Only certain lines below are wanted: those starting at the line containing "(* Let $k \geq" and ending at the line containing "[forall i : 'I_#|A|, nth", both included, each retyped exactly.

Dataset entries:
==*==

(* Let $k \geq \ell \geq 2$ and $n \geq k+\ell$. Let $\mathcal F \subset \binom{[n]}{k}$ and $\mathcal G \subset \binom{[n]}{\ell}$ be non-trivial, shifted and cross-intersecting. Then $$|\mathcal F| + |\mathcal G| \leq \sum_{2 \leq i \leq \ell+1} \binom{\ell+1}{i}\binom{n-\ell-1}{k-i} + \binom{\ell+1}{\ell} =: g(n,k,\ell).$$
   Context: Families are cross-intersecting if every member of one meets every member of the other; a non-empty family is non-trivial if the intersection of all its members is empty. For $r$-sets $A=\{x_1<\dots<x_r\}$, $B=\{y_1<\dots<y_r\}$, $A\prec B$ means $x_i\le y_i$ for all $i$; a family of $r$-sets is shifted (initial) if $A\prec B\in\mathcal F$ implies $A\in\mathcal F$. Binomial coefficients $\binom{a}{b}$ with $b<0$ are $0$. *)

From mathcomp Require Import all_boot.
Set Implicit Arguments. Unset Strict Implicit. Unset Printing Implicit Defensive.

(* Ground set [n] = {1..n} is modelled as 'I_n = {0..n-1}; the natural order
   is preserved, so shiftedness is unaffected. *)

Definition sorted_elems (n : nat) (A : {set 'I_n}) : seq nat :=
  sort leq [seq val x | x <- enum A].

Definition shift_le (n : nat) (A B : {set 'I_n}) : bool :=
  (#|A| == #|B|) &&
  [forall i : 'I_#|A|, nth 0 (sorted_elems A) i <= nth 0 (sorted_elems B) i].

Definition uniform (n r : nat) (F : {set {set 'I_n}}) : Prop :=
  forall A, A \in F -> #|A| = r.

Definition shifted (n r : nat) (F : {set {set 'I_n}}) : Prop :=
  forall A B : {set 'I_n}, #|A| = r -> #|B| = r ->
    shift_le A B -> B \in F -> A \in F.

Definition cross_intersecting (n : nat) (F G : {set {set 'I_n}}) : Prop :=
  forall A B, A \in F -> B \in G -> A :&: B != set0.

==*==

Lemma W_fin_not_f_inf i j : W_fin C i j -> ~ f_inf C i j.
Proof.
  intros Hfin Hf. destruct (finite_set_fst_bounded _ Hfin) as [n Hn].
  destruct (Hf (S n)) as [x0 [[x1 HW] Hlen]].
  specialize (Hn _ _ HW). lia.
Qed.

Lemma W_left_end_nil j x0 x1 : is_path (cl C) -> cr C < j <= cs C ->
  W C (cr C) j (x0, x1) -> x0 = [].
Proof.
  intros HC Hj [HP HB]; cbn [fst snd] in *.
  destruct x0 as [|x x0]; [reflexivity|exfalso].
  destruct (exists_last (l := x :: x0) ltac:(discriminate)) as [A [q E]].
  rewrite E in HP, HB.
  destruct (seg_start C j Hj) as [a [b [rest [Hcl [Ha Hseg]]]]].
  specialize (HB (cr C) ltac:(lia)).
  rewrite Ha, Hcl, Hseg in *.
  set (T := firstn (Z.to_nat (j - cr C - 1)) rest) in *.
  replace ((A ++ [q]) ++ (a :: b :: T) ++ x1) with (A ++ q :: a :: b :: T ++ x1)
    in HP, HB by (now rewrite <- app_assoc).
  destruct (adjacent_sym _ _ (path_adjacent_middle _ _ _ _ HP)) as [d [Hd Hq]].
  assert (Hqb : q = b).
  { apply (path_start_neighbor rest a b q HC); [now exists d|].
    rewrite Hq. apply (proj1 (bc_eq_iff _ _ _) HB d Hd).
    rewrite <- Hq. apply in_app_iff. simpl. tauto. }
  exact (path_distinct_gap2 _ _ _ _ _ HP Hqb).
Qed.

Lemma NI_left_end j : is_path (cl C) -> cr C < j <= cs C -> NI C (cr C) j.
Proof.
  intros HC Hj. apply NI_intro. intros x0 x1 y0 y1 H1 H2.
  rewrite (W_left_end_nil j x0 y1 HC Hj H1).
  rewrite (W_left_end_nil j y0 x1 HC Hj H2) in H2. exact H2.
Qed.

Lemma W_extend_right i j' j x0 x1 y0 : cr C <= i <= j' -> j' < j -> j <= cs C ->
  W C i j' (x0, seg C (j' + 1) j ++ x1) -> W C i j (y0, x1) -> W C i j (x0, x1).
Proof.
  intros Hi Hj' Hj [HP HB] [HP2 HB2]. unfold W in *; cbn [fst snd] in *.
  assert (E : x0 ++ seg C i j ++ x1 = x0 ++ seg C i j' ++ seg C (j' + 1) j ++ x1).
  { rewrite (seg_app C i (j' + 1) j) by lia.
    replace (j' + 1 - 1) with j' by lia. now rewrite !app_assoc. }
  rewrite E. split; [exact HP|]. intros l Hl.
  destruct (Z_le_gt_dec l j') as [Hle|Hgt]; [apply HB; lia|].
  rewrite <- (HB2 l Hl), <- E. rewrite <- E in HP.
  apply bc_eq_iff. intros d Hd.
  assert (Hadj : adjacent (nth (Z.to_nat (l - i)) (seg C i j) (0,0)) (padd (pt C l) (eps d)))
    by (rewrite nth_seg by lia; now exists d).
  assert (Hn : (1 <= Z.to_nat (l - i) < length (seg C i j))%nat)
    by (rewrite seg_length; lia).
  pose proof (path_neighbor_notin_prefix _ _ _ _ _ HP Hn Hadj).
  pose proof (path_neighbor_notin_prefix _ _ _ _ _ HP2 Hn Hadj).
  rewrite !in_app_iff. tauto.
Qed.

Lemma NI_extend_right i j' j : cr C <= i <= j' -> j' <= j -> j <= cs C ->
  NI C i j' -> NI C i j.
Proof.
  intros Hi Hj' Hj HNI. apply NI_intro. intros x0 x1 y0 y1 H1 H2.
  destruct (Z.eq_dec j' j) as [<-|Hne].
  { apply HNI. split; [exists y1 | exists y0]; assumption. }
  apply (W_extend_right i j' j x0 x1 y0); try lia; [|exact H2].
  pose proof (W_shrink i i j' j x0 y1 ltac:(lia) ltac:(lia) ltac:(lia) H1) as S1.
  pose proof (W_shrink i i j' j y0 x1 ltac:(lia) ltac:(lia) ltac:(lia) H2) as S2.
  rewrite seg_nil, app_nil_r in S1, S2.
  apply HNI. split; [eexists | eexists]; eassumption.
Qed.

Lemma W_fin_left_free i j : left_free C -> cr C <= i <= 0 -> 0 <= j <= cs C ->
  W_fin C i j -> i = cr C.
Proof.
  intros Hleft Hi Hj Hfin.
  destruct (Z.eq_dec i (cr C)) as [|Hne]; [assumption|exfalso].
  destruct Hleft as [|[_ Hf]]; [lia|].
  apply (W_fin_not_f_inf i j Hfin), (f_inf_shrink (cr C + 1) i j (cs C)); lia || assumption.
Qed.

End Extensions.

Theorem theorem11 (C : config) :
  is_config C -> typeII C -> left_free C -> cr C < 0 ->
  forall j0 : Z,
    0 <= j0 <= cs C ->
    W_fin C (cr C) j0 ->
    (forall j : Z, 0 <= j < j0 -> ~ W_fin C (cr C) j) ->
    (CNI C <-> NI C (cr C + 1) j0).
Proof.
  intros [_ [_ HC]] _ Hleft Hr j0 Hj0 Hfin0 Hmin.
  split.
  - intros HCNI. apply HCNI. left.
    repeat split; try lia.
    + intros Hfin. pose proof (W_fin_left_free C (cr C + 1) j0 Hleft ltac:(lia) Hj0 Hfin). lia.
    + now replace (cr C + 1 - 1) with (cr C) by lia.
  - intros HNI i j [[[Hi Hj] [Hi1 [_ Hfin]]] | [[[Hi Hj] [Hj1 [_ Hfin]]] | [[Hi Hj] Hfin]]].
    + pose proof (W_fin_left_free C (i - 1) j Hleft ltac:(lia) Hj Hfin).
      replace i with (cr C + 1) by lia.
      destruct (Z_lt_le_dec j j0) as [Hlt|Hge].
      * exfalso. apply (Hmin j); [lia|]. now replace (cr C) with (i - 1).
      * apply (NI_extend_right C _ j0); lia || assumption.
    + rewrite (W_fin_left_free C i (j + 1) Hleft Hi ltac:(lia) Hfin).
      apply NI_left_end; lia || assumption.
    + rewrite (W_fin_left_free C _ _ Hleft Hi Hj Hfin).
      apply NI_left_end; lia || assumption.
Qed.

==*==

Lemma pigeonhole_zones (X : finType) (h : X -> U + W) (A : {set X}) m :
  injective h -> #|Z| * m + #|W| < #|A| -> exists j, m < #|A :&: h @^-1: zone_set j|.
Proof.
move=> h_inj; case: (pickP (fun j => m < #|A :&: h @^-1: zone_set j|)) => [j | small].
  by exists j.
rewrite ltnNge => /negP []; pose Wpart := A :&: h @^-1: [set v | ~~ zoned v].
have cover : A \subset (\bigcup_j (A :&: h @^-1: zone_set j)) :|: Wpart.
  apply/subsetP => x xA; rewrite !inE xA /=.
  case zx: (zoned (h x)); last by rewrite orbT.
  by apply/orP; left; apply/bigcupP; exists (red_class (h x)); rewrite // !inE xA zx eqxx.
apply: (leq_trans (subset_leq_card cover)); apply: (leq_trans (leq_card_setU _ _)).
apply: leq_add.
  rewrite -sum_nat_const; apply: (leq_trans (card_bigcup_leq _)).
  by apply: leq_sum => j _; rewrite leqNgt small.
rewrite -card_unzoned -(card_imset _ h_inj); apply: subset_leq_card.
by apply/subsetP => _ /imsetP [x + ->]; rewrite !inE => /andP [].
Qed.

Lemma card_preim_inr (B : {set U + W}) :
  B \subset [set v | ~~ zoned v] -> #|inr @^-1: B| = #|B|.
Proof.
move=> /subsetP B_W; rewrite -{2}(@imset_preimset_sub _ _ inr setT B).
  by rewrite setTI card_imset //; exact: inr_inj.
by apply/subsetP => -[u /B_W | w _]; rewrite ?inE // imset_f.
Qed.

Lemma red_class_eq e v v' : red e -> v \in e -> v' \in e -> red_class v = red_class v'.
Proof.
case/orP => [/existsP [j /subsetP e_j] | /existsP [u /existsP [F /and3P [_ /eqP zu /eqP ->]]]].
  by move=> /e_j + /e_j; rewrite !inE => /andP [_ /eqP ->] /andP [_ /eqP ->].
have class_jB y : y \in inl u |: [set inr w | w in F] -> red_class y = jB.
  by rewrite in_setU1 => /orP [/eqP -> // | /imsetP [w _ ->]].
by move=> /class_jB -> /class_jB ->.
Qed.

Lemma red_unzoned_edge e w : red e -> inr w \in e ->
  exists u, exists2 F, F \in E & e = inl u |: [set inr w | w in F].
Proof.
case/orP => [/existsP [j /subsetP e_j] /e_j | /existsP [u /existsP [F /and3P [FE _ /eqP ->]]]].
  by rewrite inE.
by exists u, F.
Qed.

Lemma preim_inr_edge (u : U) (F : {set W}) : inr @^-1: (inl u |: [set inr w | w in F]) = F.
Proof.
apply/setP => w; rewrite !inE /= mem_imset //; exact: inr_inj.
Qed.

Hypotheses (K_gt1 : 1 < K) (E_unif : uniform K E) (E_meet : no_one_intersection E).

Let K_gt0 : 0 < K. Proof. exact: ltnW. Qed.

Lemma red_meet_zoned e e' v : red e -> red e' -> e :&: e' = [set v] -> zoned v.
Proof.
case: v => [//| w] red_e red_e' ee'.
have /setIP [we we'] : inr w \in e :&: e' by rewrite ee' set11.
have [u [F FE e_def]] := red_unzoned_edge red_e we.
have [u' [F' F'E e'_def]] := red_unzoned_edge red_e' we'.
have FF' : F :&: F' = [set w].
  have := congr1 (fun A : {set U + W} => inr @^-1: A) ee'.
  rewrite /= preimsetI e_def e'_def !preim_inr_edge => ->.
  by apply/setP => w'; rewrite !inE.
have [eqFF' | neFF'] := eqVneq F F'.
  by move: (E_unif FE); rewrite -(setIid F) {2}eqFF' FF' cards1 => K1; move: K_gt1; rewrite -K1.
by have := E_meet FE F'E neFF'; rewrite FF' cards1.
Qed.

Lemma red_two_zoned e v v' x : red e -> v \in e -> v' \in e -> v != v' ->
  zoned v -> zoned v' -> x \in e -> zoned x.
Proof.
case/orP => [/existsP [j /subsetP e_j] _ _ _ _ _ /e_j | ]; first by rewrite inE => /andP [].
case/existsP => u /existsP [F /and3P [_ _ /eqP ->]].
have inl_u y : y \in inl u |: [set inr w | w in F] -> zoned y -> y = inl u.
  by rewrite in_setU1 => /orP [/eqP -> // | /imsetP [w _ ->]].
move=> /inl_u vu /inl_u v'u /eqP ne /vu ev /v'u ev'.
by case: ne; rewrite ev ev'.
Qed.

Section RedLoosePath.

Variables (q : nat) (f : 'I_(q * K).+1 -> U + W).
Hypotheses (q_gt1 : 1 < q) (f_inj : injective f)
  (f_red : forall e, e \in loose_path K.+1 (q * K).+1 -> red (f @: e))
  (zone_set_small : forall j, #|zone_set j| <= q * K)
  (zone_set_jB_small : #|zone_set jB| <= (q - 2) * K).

==*==

▸ **ANSWER FOR THIS EXERCISE**:
(* Let $k \geq \ell \geq 2$ and $n \geq k+\ell$. Let $\mathcal F \subset \binom{[n]}{k}$ and $\mathcal G \subset \binom{[n]}{\ell}$ be non-trivial, shifted and cross-intersecting. Then $$|\mathcal F| + |\mathcal G| \leq \sum_{2 \leq i \leq \ell+1} \binom{\ell+1}{i}\binom{n-\ell-1}{k-i} + \binom{\ell+1}{\ell} =: g(n,k,\ell).$$
   Context: Families are cross-intersecting if every member of one meets every member of the other; a non-empty family is non-trivial if the intersection of all its members is empty. For $r$-sets $A=\{x_1<\dots<x_r\}$, $B=\{y_1<\dots<y_r\}$, $A\prec B$ means $x_i\le y_i$ for all $i$; a family of $r$-sets is shifted (initial) if $A\prec B\in\mathcal F$ implies $A\in\mathcal F$. Binomial coefficients $\binom{a}{b}$ with $b<0$ are $0$. *)

From mathcomp Require Import all_boot.
Set Implicit Arguments. Unset Strict Implicit. Unset Printing Implicit Defensive.

(* Ground set [n] = {1..n} is modelled as 'I_n = {0..n-1}; the natural order
   is preserved, so shiftedness is unaffected. *)

Definition sorted_elems (n : nat) (A : {set 'I_n}) : seq nat :=
  sort leq [seq val x | x <- enum A].

Definition shift_le (n : nat) (A B : {set 'I_n}) : bool :=
  (#|A| == #|B|) &&
  [forall i : 'I_#|A|, nth 0 (sorted_elems A) i <= nth 0 (sorted_elems B) i].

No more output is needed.